◆ EXERCISE INSTRUCTIONS ◆
Of the lines in the data below, write out exactly those from the one holding "assert (difference_root : forall" through the one holding "destruct (cubic_eq0 (2", both included.

Dataset entries

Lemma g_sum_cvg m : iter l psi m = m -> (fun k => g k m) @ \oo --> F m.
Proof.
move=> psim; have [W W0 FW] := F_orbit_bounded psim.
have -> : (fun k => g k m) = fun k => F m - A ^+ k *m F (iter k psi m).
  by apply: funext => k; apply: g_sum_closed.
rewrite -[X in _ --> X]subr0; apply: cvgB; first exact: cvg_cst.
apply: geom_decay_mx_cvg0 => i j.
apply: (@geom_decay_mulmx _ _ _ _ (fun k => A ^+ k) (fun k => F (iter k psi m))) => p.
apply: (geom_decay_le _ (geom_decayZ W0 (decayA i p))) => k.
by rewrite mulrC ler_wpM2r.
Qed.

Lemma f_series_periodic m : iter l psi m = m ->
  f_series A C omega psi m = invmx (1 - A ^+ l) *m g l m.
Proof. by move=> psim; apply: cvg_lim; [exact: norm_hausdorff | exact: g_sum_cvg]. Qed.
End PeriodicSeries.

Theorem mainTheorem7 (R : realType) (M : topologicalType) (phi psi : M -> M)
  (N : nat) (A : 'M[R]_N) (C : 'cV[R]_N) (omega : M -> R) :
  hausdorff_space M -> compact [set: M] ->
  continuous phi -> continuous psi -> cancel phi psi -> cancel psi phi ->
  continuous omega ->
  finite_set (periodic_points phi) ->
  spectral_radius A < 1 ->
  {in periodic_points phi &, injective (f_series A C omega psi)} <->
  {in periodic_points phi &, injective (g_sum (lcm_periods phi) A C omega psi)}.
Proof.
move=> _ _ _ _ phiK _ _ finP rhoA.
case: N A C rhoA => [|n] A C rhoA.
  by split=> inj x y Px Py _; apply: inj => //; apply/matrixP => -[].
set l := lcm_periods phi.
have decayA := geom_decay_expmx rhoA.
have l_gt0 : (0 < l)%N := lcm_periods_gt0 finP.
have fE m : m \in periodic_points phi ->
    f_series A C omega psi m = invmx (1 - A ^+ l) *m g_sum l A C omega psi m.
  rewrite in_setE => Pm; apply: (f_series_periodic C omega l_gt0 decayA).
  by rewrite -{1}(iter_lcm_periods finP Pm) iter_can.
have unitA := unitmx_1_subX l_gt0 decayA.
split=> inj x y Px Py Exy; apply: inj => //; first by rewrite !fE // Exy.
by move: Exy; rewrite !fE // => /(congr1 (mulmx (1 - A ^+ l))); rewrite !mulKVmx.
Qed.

---

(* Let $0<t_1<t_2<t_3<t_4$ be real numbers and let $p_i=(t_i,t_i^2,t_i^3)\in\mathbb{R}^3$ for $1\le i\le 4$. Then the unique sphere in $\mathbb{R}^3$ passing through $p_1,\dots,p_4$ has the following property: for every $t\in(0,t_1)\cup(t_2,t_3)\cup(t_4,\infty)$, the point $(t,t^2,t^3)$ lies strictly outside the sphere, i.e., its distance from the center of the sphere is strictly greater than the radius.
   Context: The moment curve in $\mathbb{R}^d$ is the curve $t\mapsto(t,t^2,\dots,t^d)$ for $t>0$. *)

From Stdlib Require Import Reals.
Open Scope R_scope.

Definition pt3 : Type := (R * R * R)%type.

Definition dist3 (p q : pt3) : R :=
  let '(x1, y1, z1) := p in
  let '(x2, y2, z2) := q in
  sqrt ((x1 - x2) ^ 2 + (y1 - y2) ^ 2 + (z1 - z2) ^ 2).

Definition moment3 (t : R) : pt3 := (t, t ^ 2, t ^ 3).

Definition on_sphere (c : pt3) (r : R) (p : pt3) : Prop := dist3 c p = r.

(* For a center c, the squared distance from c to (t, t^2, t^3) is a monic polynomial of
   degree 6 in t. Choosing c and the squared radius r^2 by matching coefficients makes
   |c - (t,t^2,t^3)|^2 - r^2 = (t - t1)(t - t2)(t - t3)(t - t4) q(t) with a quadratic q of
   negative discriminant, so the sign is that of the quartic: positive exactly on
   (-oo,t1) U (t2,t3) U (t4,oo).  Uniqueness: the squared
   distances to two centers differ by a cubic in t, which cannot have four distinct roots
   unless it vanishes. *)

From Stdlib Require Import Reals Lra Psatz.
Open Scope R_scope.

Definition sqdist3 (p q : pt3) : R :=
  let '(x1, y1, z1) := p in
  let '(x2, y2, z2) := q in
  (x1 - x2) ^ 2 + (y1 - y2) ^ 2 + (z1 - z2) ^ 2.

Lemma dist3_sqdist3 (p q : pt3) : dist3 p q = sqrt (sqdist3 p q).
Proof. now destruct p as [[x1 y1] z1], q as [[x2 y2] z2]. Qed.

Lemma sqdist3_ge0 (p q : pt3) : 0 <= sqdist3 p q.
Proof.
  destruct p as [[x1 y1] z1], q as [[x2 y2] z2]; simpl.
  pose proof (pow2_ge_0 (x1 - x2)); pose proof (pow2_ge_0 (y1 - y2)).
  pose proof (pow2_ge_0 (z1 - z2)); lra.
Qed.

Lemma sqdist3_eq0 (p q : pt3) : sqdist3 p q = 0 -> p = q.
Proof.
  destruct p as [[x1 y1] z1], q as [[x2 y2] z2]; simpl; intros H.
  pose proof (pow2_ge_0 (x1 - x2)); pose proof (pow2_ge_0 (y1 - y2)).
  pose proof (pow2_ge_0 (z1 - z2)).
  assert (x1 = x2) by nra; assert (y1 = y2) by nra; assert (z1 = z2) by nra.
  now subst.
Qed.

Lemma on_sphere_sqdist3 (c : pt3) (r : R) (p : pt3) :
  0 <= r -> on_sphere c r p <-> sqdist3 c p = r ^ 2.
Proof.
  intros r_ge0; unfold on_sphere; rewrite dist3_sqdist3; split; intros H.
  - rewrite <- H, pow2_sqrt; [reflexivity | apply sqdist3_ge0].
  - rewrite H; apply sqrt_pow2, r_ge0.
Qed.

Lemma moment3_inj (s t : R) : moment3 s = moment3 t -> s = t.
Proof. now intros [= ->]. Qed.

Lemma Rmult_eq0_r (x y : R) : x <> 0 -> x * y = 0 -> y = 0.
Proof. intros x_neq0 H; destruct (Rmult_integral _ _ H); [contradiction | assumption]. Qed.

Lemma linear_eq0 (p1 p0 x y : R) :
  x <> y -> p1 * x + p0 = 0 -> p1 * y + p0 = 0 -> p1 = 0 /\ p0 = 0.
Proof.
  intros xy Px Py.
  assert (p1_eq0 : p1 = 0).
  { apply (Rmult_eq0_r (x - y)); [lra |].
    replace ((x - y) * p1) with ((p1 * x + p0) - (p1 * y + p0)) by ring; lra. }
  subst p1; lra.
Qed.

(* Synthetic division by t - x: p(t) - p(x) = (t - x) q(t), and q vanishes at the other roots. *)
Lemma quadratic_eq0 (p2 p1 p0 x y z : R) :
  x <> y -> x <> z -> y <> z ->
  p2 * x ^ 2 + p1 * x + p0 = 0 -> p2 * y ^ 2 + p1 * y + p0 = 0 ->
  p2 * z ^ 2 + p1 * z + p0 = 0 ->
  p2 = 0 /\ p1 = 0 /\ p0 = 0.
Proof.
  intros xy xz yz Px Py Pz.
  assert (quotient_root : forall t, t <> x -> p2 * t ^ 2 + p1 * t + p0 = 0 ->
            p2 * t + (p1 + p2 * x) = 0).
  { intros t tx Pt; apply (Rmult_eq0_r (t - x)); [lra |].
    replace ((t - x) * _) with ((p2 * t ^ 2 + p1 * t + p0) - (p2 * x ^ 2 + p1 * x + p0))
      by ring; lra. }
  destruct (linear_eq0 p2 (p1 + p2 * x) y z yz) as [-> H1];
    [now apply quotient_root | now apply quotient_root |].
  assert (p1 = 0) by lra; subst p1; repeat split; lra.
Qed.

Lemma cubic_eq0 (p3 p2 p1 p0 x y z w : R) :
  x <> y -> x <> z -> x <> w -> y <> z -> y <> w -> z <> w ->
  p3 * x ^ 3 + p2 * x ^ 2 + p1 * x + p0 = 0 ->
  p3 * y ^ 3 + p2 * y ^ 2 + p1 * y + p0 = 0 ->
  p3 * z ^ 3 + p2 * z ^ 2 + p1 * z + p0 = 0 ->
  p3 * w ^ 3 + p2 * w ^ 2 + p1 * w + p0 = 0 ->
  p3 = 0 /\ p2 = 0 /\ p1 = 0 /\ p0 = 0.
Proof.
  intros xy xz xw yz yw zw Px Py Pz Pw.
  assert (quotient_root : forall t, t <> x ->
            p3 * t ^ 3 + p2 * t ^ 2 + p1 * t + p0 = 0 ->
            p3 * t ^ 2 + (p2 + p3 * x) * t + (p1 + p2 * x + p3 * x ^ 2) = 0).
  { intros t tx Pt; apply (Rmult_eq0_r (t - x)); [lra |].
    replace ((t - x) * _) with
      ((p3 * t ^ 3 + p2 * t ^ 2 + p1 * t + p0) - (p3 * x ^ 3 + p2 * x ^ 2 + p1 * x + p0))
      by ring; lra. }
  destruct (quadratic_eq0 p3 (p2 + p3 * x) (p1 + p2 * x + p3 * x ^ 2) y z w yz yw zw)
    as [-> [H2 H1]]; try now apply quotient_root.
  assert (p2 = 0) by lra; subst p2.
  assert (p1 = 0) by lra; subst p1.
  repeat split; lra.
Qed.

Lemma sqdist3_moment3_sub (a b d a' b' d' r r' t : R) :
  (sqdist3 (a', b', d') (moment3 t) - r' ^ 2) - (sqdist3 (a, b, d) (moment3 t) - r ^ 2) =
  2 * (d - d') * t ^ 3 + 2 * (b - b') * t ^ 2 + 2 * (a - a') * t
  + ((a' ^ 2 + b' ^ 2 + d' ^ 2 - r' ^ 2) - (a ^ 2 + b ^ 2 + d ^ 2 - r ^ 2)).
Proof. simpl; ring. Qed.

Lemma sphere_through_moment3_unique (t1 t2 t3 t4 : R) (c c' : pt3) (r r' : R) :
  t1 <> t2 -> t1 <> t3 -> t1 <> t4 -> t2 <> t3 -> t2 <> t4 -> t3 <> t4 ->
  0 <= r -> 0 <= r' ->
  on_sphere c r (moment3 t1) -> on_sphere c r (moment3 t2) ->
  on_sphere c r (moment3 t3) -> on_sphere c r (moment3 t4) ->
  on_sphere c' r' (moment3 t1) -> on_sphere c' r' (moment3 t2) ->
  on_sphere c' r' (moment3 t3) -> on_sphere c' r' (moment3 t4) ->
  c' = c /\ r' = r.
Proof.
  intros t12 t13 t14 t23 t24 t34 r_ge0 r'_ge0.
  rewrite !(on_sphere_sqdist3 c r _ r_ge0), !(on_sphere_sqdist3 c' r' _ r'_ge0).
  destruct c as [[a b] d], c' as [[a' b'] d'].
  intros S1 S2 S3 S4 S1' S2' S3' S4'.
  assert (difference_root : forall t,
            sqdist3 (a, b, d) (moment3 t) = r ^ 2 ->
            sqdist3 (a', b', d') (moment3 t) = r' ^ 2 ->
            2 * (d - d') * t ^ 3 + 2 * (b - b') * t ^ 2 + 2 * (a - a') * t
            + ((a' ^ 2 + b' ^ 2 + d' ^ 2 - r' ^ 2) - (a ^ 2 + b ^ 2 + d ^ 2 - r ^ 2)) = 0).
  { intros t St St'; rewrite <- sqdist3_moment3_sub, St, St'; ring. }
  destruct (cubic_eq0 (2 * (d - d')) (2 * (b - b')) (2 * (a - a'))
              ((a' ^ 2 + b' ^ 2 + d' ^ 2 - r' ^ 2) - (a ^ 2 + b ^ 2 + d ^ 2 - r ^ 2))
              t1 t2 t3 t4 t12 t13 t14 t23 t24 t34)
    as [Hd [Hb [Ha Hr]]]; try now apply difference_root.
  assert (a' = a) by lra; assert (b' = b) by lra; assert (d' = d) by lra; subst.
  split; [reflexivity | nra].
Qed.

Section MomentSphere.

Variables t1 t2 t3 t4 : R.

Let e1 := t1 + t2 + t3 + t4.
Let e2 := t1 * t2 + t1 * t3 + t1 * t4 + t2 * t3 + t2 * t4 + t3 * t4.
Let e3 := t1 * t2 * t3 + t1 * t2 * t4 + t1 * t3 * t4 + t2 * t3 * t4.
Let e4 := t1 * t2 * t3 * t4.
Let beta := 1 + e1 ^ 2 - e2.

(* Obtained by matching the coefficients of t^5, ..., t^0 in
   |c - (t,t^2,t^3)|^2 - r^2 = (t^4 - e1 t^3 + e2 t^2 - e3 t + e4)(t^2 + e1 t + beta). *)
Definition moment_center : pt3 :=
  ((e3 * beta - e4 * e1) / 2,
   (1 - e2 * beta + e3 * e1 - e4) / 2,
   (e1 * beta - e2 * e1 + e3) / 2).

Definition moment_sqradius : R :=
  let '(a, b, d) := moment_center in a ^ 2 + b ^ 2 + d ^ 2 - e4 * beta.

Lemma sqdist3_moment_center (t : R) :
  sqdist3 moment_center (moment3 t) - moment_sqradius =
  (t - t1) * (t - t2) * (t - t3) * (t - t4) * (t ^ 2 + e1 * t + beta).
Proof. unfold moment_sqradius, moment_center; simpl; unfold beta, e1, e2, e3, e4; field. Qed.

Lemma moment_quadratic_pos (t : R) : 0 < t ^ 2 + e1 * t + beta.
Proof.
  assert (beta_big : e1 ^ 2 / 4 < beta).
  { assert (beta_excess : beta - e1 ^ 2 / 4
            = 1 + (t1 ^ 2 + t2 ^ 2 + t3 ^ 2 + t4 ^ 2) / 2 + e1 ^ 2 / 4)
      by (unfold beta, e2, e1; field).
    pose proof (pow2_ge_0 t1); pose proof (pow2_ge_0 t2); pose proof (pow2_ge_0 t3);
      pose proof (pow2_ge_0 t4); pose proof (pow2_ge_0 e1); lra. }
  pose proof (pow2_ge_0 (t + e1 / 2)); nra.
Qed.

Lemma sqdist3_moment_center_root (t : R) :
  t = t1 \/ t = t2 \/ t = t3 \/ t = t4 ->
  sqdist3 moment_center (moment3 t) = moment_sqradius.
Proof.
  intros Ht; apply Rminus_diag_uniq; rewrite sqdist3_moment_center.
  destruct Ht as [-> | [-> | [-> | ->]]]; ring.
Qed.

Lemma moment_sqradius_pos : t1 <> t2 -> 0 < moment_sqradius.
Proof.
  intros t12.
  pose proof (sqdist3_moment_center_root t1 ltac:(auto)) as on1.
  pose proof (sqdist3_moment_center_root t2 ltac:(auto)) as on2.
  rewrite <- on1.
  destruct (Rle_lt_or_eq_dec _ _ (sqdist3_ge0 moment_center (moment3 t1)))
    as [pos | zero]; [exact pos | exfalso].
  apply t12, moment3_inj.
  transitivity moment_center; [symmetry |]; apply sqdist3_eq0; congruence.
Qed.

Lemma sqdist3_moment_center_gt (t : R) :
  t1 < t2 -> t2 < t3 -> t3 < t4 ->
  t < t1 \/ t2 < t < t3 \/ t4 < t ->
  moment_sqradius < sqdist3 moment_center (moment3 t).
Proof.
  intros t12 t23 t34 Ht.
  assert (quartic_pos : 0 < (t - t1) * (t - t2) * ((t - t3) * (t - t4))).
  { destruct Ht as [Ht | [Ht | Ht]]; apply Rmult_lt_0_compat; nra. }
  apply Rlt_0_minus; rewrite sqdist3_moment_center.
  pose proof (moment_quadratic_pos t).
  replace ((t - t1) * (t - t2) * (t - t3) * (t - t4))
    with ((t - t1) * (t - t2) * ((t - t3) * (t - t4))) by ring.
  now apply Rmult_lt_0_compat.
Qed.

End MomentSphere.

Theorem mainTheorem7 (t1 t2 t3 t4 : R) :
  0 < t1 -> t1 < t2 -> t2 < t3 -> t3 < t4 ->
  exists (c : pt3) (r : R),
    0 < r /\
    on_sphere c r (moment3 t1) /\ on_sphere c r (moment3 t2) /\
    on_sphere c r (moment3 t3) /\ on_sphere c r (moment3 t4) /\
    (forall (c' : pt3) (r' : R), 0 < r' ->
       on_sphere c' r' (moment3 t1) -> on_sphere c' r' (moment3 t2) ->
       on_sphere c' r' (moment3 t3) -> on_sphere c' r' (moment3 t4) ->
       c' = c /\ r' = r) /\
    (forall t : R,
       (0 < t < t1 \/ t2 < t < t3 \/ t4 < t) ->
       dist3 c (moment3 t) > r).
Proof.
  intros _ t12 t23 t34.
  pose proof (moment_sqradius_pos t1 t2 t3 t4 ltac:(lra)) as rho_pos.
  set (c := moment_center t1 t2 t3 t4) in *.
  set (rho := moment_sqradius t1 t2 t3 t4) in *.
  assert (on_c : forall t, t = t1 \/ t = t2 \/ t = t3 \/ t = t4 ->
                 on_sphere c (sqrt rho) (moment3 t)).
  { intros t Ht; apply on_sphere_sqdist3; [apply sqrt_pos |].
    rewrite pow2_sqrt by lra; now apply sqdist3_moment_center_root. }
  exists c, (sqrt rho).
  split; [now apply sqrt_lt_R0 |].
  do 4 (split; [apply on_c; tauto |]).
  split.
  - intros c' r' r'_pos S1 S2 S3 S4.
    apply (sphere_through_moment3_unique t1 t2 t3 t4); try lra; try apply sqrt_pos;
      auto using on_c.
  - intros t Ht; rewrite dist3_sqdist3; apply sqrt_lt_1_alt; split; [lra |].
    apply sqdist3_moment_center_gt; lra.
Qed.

---

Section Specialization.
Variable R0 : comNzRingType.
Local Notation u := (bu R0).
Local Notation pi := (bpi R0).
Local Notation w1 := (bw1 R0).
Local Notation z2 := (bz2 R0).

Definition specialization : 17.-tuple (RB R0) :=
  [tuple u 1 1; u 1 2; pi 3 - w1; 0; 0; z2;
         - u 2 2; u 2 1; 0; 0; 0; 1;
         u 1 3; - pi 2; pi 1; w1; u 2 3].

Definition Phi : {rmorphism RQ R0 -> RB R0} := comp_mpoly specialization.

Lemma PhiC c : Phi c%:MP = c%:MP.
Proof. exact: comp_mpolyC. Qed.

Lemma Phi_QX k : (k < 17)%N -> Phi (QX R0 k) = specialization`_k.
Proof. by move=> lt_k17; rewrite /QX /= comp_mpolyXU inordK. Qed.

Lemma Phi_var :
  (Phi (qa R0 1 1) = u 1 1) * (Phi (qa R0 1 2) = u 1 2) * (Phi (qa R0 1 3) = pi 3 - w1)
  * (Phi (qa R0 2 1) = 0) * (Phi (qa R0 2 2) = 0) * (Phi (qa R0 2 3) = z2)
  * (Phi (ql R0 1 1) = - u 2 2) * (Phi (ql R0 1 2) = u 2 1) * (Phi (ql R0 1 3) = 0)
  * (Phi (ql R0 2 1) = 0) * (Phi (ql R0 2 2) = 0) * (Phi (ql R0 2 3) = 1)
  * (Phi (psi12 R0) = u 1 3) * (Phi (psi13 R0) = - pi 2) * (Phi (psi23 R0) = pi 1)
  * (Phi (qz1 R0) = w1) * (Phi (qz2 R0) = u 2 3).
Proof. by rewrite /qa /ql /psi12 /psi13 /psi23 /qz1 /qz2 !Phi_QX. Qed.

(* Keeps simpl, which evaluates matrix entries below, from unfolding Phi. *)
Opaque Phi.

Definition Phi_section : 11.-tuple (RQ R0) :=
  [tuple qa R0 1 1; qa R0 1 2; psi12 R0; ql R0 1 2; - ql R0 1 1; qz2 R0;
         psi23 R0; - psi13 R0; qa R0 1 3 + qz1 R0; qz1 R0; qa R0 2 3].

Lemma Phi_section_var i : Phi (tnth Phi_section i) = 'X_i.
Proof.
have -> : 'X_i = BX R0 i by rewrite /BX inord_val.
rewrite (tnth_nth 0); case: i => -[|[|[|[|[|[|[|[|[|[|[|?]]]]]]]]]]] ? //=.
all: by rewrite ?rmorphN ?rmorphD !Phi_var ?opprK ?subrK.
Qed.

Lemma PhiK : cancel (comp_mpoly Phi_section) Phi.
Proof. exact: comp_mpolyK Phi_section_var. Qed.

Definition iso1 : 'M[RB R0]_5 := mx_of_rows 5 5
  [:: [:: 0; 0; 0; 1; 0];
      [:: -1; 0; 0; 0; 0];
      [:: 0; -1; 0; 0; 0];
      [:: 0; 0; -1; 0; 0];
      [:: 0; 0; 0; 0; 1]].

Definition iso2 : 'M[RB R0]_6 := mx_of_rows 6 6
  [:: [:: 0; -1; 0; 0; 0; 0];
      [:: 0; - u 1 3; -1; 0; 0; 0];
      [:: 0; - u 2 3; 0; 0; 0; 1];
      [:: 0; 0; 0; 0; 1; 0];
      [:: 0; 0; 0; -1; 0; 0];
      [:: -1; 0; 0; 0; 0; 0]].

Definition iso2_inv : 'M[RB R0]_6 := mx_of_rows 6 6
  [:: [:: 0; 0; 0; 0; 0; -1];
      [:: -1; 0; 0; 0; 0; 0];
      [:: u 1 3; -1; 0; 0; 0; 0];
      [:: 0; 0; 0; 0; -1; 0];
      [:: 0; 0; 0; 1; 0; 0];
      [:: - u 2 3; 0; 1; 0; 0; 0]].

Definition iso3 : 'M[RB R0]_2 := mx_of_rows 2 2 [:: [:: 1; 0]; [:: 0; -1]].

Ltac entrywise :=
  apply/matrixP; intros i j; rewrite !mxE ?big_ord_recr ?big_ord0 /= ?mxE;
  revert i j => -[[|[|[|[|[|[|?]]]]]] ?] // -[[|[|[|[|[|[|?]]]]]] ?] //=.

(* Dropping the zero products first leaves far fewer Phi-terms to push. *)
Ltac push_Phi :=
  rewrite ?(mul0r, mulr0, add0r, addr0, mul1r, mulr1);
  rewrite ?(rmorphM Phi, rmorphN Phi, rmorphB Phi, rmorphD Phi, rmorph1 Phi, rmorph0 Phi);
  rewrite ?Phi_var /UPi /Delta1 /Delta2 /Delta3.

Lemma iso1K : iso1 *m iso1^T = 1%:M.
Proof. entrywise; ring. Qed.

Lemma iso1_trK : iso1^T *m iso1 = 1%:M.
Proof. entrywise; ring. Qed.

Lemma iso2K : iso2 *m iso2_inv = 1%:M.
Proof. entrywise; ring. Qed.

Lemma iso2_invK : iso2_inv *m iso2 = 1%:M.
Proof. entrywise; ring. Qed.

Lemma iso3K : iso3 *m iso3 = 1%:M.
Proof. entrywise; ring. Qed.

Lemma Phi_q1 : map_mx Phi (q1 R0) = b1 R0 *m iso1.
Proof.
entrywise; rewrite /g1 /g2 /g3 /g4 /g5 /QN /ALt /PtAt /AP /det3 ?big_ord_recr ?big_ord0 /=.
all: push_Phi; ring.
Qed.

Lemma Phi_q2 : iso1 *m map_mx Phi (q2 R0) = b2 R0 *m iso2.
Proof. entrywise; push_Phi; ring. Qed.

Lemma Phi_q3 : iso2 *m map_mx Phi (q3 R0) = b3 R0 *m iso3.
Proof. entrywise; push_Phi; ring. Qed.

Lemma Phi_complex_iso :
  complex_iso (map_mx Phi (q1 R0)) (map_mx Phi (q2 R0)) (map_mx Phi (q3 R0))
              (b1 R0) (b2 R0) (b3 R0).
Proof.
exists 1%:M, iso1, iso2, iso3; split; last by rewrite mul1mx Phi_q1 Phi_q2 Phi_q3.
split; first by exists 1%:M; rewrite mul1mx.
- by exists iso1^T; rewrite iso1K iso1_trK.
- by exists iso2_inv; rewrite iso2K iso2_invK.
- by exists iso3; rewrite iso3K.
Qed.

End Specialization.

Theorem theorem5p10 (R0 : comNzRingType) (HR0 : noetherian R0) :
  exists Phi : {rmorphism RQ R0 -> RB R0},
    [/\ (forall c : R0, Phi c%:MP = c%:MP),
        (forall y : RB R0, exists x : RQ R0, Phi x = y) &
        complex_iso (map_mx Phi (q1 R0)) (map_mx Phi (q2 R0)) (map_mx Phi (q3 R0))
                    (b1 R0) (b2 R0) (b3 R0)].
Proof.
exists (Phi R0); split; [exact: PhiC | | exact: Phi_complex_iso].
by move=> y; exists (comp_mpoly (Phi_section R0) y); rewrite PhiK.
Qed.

◆ YOUR RESPONSE ◆
  assert (difference_root : forall t,
            sqdist3 (a, b, d) (moment3 t) = r ^ 2 ->
            sqdist3 (a', b', d') (moment3 t) = r' ^ 2 ->
            2 * (d - d') * t ^ 3 + 2 * (b - b') * t ^ 2 + 2 * (a - a') * t
            + ((a' ^ 2 + b' ^ 2 + d' ^ 2 - r' ^ 2) - (a ^ 2 + b ^ 2 + d ^ 2 - r ^ 2)) = 0).
  { intros t St St'; rewrite <- sqdist3_moment3_sub, St, St'; ring. }
  destruct (cubic_eq0 (2 * (d - d')) (2 * (b - b')) (2 * (a - a'))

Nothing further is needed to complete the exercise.